When I left that company they wanted to buy the machine off me so as to keep all the proprietary code and data on it, but as things worked out, the value of my own proprietary code and data on that machine was worth a lot to me so I kept it, and fortunately things never went to court.

This type of decision has risks (for instance, you don't want to be the guy who loses a machine with social security numbers on it and forces his employer to pay for credit monitoring for 70,000 people) but it can be the right thing to do sometimes.

pyoung · on Sept 20, 2013

I am surprised that they let you use your own machine. I am also surprised that they didn't get the code and data from you (or take you to court), as most employment contracts state that all work done by the employee is considered company property.

carbocation · on Sept 20, 2013

You could also contribute to the company's rent payment. It would have a similar wealth transfer effect.

mempko · on Sept 20, 2013

If a company is making a profit, they owe more to you than you to them....

dekhn · on Sept 20, 2013

you're profitsharing, right? so if you go around the company's self limiting policies, and make more profit by using your salary... then it's a net win to you.

twoodfin · on Sept 20, 2013

What if I'm distributing my code to thousands or millions of users who are going to be running it dozens of times a day?

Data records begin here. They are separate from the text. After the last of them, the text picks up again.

Section Derivative.
Variable d : K -> K.
Hypothesis dD : forall f h, d (f + h) = d f + d h.
Hypothesis dM : forall f h, d (f * h) = d f * h + f * d h.
Hypothesis dg : d g = 0.

Lemma derivation_kahan_den k : d (kahan_den k) = kahan_den_deriv d k.
Proof.
rewrite /kahan_den /kahan_den_deriv [(g * P k) *+ 2]mulr2n !dD.
by rewrite (derivationN dD) (derivation1 dM) !dM dg; ring.
Qed.

Lemma derivation_kahan_factor i :
  kahan_den 0 != 0 -> kahan_den n != 0 -> kahan_den i != 0 -> kahan_den i.+1 != 0 ->
  d (kahan_factor i) = kahan_factor i * kahan_factor_logder d i.
Proof.
move=> h0 hn hi hi1.
rewrite /kahan_factor /kahan_factor_logder dM (derivationV dD dM) !dM !derivation_kahan_den.
by field; rewrite h0 hn hi hi1.
Qed.

End Derivative.
End KahanFactor.

Section KahanPoissonIdentities.
Variables (K : fieldType) (g : K) (P : nat -> K) (n : nat).
Local Notation E := (kahan_den g P n).
Local Notation Phi := (kahan_factor g P n).
Local Notation logder := (kahan_factor_logder g P n).
Variable br : K -> K -> K.
Hypothesis brD : forall f a b, br f (a + b) = br f a + br f b.
Hypothesis brM : forall f a b, br f (a * b) = br f a * b + a * br f b.
Hypothesis brg : forall f, br f g = 0.
Hypothesis brC : forall f h, br h f = - br f h.
Hypothesis P0 : P 0 = 0.
Hypothesis brPP : forall a b, br (P a) (P b) =
  g * (if (a <= b)%N then P a * (P b - P a) else - (P b * (P a - P b))).
Hypothesis hE : forall k, (k <= n)%N -> E k != 0.
Lemma Ft_eval_bound eta nu B :
  (forall i, `|eta i| = 1) ->
  `|mps_eval_box B (Ft nu) rho (fun i => eta i / rho)|
    <= (2 + nmax nu - nmin nu)%N%:R ^+ r * rho ^+ nmin nu.
Proof.
move=> eta1; rewrite /mps_eval_box.
apply: le_trans (ler_norm_sum _ _ _) _.
apply: le_trans.
  by apply: ler_sum => m _; exact: (Ft_eval_term_bound nu (fun i => m i) eta1).
rewrite -mulr_suml ler_wpM2r ?exprn_ge0 ?(le_trans ler01 rho_ge1) //.
under eq_bigr do rewrite -prodr_boolE.
rewrite -(bigA_distr_bigA (fun i (t : 'I_B.+1) => (t <= 1 + nmax nu - nmin nu)%N%:R)).
have -> : (2 + nmax nu - nmin nu)%N%:R ^+ r
          = \prod_(i < r) (2 + nmax nu - nmin nu)%N%:R :> C.
  by rewrite prodr_const card_ord.
apply: ler_prod => i _.
have i0 := Ordinal r_gt0; have := leq_trans (nmin_leq nu i0) (leq_nmax nu i0).
by rewrite -natr_sum sum_ord_leq ler0n ler_nat /=; lia.
Qed.

End Bound.
End Ftilde.

Theorem proposition3p2 (r : nat) (hr : (1 <= r)%N) :
  (forall (nu n : midx r), Ft nu n = coef_formula nu n)
  /\ (forall n : midx r, Ft (fun _ => 0%N) n = @one_minus_prodT r n)
  /\ (forall (nu n : midx r) (i : 'I_r), ((nmax nu).+1 < n i)%N -> Ft nu n = 0)
  /\ (forall (C : numClosedFieldType) (rho eps : C) (eta : 'I_r -> C),
        1 <= rho -> 0 < eps -> (forall i, `|eta i| = 1) ->
        forall (nu : midx r) (B : nat),
          (forall (n : midx r) (i : 'I_r), (B < n i)%N -> Ft nu n = 0) ->
          `| mps_eval_box B (Ft nu) rho (fun i => eta i / rho) |
            <= (2 + nmax nu - nmin nu)%N%:R ^+ r * rho ^+ nmin nu).
Proof.
split; first exact: Ft_coef.
split; first exact: Ft_nu0.
split; first by move=> nu n i ni_big; rewrite (Ft_coef hr) (coef_formula_eq0 (i := i)) //; lia.
move=> C rho eps eta rho_ge1 _ eta1 nu B _.
exact: Ft_eval_bound.
Qed.
Lemma l1norm_on_sqr_le S u : l1norm_on S u ^+ 2 <= #|S|%:R * l2sq_on S u.
Proof.
have -> : l1norm_on S u = \sum_(i in S) `|u i 0| * 1.
  by apply: eq_bigr => i _; rewrite mulr1.
have -> : l2sq_on S u = \sum_(i in S) `|u i 0| ^+ 2.
  by apply: eq_bigr => i _; rewrite real_normK ?num_real.
have -> : #|S|%:R = \sum_(i in S) (1 : R) ^+ 2.
  by rewrite (eq_bigr (fun=> 1)) ?sumr_const // => i _; rewrite expr1n.
by rewrite mulrC sum_mul_sqr_le.
Qed.

Lemma entry_le_maxnorm m n (A : 'M[R]_(m, n)) i j : `|A i j| <= maxnorm A.
Proof.
apply: le_trans (le_bigmax _ (fun i => \big[Num.max/0]_j `|A i j|) i).
exact: (le_bigmax _ (fun j => `|A i j|)).
Qed.

Lemma entry_le_supnorm_row (w : 'rV[R]_d) j : `|w 0 j| <= supnorm_row w.
Proof. exact: (le_bigmax _ (fun j => `|w 0 j|)). Qed.

Lemma norm_mulmx_le u (A : 'M[R]_d) j : `|(u^T *m A) 0 j| <= l1norm u * maxnorm A.
Proof.
rewrite mxE /l1norm mulr_suml; apply: le_trans (ler_norm_sum _ _ _) _.
by apply: ler_sum => i _; rewrite mxE normrM ler_wpM2l ?entry_le_maxnorm.
Qed.

Lemma qform_le_maxnorm (D : 'M[R]_d) u : `|qform D u| <= maxnorm D * l1norm u ^+ 2.
Proof.
rewrite qformE expr2 /l1norm mulr_suml mulr_sumr.
apply: le_trans (ler_norm_sum _ _ _) _; apply: ler_sum => j _.
rewrite !mulr_sumr; apply: le_trans (ler_norm_sum _ _ _) _; apply: ler_sum => i _.
rewrite !normrM mulrAC mulrC [`|u j 0| * _]mulrC.
by apply: ler_wpM2r; [exact: mulr_ge0 | exact: entry_le_maxnorm].
Qed.

End SparseVectors.

Section RestrictedEigenvalue.
Context {R : realType} {d : nat}.
Variables (M : 'M[R]_d) (s : nat) (xi : R).
(* Let $X$ and $X^n$, $n\ge1$, be stochastic processes with sample paths in $D_{\mathbb{R}}[0,1]$. Assume that each $X^n$ is constant on each of the intervals $[0,2^{-n}),[2^{-n},2\cdot2^{-n}),\dots,[(2^n-1)2^{-n},1)$ and that $$\max_{d\in\mathcal{D}_n}|X^n_d-X_d|\to0\quad\text{almost surely as }n\to\infty,$$ where $\mathcal{D}_n=\{0,2^{-n},\dots,(2^n-1)2^{-n},1\}$. Then $X^n\to X$ almost surely in Skorokhod's $J_1$ topology.
   Context: $D_{\mathbb{R}}[0,1]$ is the space of real-valued càdlàg functions on $[0,1]$. Skorokhod's $J_1$ topology is induced by $d_{J_1}(x,y)=\inf_{\lambda\in\Lambda}\big(\sup_{t\in[0,1]}|\lambda(t)-t|+\sup_{t\in[0,1]}|x(\lambda(t))-y(t)|\big)$, where $\Lambda$ is the set of all increasing homeomorphisms $\lambda:[0,1]\to[0,1]$. *)

From HB Require Import structures.
From mathcomp Require Import all_boot all_order all_algebra.
From mathcomp Require Import all_classical all_reals all_analysis.
Set Implicit Arguments. Unset Strict Implicit. Unset Printing Implicit Defensive.
Import Order.TTheory GRing.Theory Num.Theory.
Import numFieldNormedType.Exports.
Local Open Scope classical_set_scope.
Local Open Scope ring_scope.

(* A path x : R -> R is considered only on [0,1]. *)
Definition cadlag01 {R : realType} (x : R -> R) : Prop :=
  (forall t, 0 <= t < 1 -> x @ at_right t --> x t) /\
  (forall t, 0 < t <= 1 -> cvg (x @ at_left t)).

Definition incr_homeo01 {R : realType} (lam : R -> R) : Prop :=
  [/\ (forall t, 0 <= t <= 1 -> 0 <= lam t <= 1),
      {within `[0, 1]%classic, continuous lam},
      (forall s t, 0 <= s <= 1 -> 0 <= t <= 1 -> s < t -> lam s < lam t) &
      exists mu : R -> R,
        [/\ (forall t, 0 <= t <= 1 -> 0 <= mu t <= 1),
            {within `[0, 1]%classic, continuous mu},
            (forall t, 0 <= t <= 1 -> mu (lam t) = t) &
            (forall t, 0 <= t <= 1 -> lam (mu t) = t)]].

Definition dJ1 {R : realType} (x y : R -> R) : \bar R :=
  ereal_inf [set (ereal_sup [set (`|lam t - t|)%:E | t in (`[0%R, 1%R]%classic : set R)]
                  + ereal_sup [set (`|x (lam t) - y t|)%:E | t in (`[0%R, 1%R]%classic : set R)])%E
            | lam in [set lam : R -> R | incr_homeo01 lam]].

Definition dyadic_max {R : realType} (n : nat) (f : R -> R) : R :=
  \big[Order.max/0]_(k < (2 ^ n).+1) `|f (k%:R / 2%:R ^+ n)|.

(* Since [x] is cadlag, [[0, 1]] splits into
   finitely many intervals [[a_i, a_(i+1))] on each of which [x] oscillates by
   at most [eps].  Once [2^-n] is below the smallest gap, rounding every [a_i]
   up to the dyadic grid [D_n] gives a new subdivision [c_i], and the piecewise
   linear homeomorphism [lam] with [lam a_i = c_i] moves points by less than
   [2^-n].  For [t] in [[a_i, a_(i+1))], [lam t] lies in [[c_i, c_(i+1))], so
   the grid point [d] just below [lam t] lies in [[a_i, a_(i+1))] again; as
   [x_n] is constant between grid points,
   [|x_n (lam t) - x t| <= |x_n d - x d| + |x d - x t| <= max_(D_n) |x_n - x| + eps].
   Hence [dJ1 x_n x <= 2^-n + max_(D_n) |x_n - x| + eps], path by path. *)

From HB Require Import structures.
From mathcomp Require Import all_boot all_order all_algebra.
From mathcomp Require Import all_classical all_reals all_analysis.
From mathcomp Require Import ring lra.
Import Order.TTheory GRing.Theory Num.Theory.
Import numFieldNormedType.Exports.
Local Open Scope classical_set_scope.
Local Open Scope ring_scope.

Section Skorokhod.
Set Implicit Arguments. Unset Strict Implicit.
Variable R : realType.
Implicit Types (a c : nat -> R) (m n : nat) (u v w : R).

Definition incr_upto m a := forall i, (i < m)%N -> a i < a i.+1.

Definition subdivision (s : R) m a := [/\ a 0%N = 0, a m = s & incr_upto m a].

Lemma incr_upto_le m a i j : incr_upto m a -> (i <= j <= m)%N -> a i <= a j.
Proof.
move=> ha /andP[]; elim: j => [|j IH]; first by rewrite leqn0 => /eqP->.
rewrite leq_eqVlt => /orP[/eqP-> //|hij] hj.
exact: le_trans (IH hij (ltnW hj)) (ltW (ha _ hj)).
Qed.

Lemma subdivision_gt0 m a : subdivision 1 m a -> (0 < m)%N.
Proof. by case: m => // -[-> /eqP]; rewrite eq_sym oner_eq0. Qed.

Lemma subdivision_itv m a i : subdivision 1 m a -> (i <= m)%N -> 0 <= a i <= 1.
Proof.
by case=> a0 am ha hi; rewrite -{1}a0 -am !(incr_upto_le ha) ?leq0n ?leqnn ?hi.
Qed.

Lemma subdivision_cover m a t : subdivision 1 m a -> 0 <= t < 1 ->
  exists j, [/\ (j < m)%N, a j <= t & t < a j.+1].
Proof.
move=> sa /andP[t0 t1]; have m0 := subdivision_gt0 sa; case: sa => a0 am _.
have ex : exists j, t < a j.+1 by exists m.-1; rewrite prednK // am.
case: (ex_minnP ex) => j hj hmin; exists j; split => //.
  have := hmin m.-1; rewrite prednK // am => /(_ t1) h.
  by rewrite -(prednK m0) ltnS.
case: j hj hmin => [|j] hj hmin; first by rewrite a0.
by rewrite leNgt; apply/negP => /hmin; rewrite ltnn.
Qed.

Lemma subdivision_cover_closed m a t : subdivision 1 m a -> 0 <= t <= 1 ->
  exists j, [/\ (j < m)%N, a j <= t & t <= a j.+1].
Proof.
move=> sa /andP[t0 t1]; case: (ltrP t 1) => ht.
  have [|j [hj h1 h2]] := subdivision_cover (t := t) sa; first by rewrite t0.
  by exists j; split => //; apply: ltW.
have m0 := subdivision_gt0 sa; case: sa => _ am ha.
exists m.-1; rewrite prednK // am; split => //.
by apply: le_trans ht; rewrite -am (incr_upto_le ha) // leq_pred leqnn.
Qed.

Lemma incr_upto_min_gap m a : incr_upto m a ->
  exists2 g, 0 < g & forall i, (i < m)%N -> g <= a i.+1 - a i.
Proof.
elim: m => [|m IH] ha; first by exists 1.
have [|g g0 hg] := IH; first by move=> i hi; apply/ha/ltnW.
exists (Order.min g (a m.+1 - a m)); first by rewrite lt_min g0 subr_gt0 ha.
move=> i; rewrite ltnS leq_eqVlt => /orP[/eqP->|hi]; first by rewrite ge_min lexx orbT.
by rewrite ge_min hg.
Qed.

Definition clamp01 (u : R) : R := Order.min 1 (Order.max 0 u).

Lemma clamp01_id u : 0 <= u <= 1 -> clamp01 u = u.
Proof. by case/andP=> h0 h1; rewrite /clamp01 (max_r h0) (min_r h1). Qed.

Lemma clamp01_ge1 u : 1 <= u -> clamp01 u = 1.
Proof. by move=> h; rewrite /clamp01 max_r ?(le_trans _ h) // min_l. Qed.

Lemma clamp01_le0 u : u <= 0 -> clamp01 u = 0.
Proof. by move=> h; rewrite /clamp01 (max_l h) min_r. Qed.

Lemma clamp01_le u v : u <= v -> clamp01 u <= clamp01 v.
Proof.
move=> h; rewrite /clamp01 le_min !ge_min lexx /=; apply/orP; right.
by rewrite ge_max !le_max lexx /= h !orbT.
Qed.

Lemma continuous_clamp01 : continuous clamp01.
Proof.
have -> : clamp01 = cst 1 \min (cst 0 \max id) by [].
by apply: min_fun_continuous; [exact: cst_continuous|
  apply: max_fun_continuous; [exact: cst_continuous|by move=> ?; exact: cvg_id]].
Qed.

Lemma continuous_sum_ord (F : nat -> R -> R) n : (forall i, continuous (F i)) ->
  continuous (fun t => \sum_(i < n) F i t).
Proof.
move=> hF; elim: n => [|n IH].
  under eq_fun do rewrite big_ord0; exact: cst_continuous.
under eq_fun do rewrite big_ord_recr /=.
by move=> x; apply: cvgD; [exact: IH | exact: hF].
Qed.

(* Piecewise linear with [a i |-> c i]; as a sum of clamped ramps it is
   continuous everywhere without any case analysis. *)
Definition pl_interp m a c (t : R) : R :=
  c 0%N + \sum_(i < m) (c i.+1 - c i) * clamp01 ((t - a i) / (a i.+1 - a i)).

Lemma pl_interpE m a c j t : incr_upto m a -> (j < m)%N -> a j <= t <= a j.+1 ->
  pl_interp m a c t = c j + (c j.+1 - c j) * ((t - a j) / (a j.+1 - a j)).
Proof.
move=> ha hj /andP[h1 h2].
have gap i : (i < m)%N -> 0 < a i.+1 - a i by move=> hi; rewrite subr_gt0 ha.
rewrite /pl_interp -(big_mkord xpredT
  (fun i => (c i.+1 - c i) * clamp01 ((t - a i) / (a i.+1 - a i)))).
rewrite (@big_cat_nat _ _ _ j) ?(ltnW hj) //= (big_ltn hj) /=.
rewrite (eq_big_nat _ _ (F2 := fun i => c i.+1 - c i)); last first.
  move=> i /andP[_ hi]; have hi' := ltn_trans hi hj.
  rewrite clamp01_ge1 ?mulr1 // ler_pdivlMr ?gap // mul1r lerD2r.
  by apply: le_trans h1; rewrite (incr_upto_le ha) // hi (ltnW hj).
rewrite telescope_sumr // (eq_big_nat _ _ (F2 := fun i => 0)); last first.
  move=> i /andP[hi1 hi2]; rewrite clamp01_le0 ?mulr0 //.
  rewrite pmulr_lle0 ?invr_gt0 ?gap // subr_le0.
  by apply: le_trans h2 _; rewrite (incr_upto_le ha) // hi1 (ltnW hi2).
rewrite big1 // addr0 clamp01_id; first by rewrite addrA [c 0%N + _]addrC subrK.
apply/andP; split; first by apply: divr_ge0; [rewrite subr_ge0|exact/ltW/gap].
by rewrite ler_pdivrMr ?gap // mul1r lerD2r.
Qed.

Suddenly, spending an hour to make it run just a few seconds faster looks like a very good trade-off.

pault · on Sept 20, 2013

Right tool for the job, etc etc

dllthomas · on Sept 20, 2013

> Cores scale linearly while programmers don't.

Cores scale linearly, but performance may not scale linearly to cores.

awj · on Sept 20, 2013

Ok, sweet, so we just need to tell game developers to start packaging additional processors with their games.

You need to get out more, you've completely lost perspective.

speeder · on Sept 20, 2013

And then how my players (I make games) use more cores?

They hire Amazon before playing my physics game?

Oh, I know, just put the game in the cloud...

Then players will become angry because the game only works when internet works and they cannot play at the underground train while commuting.

Sorry, but sometimes I have impression that web developers forget there is other sort of development that exists.

figglesonrails · on Sept 20, 2013

Depending on how you value things, being able to spend fewer clock cycles may be more "environmentally responsible" in the long run, though data centers do run a pretty tight ship. ;)

jefftk · on Sept 20, 2013

Setting aside the validity of this comparison, keep in mind that Go is coming out of Google, a place where running on 1000 cores is dinky.

(Note: I work for Google, but on open-source server software.)

mempko · on Sept 20, 2013

This is going to become less true when/if power costs go up

asdasf · on Sept 20, 2013

>Cores scale linearly

You don't seriously think that do you? People struggle with concurrency and parallelism all the time. Tons of problems we have no way to scale up with more CPU cores, it is an open research problem to try to find ways to do so. Pretending that you can just buy fast is a huge mistake that costs millions of dollars.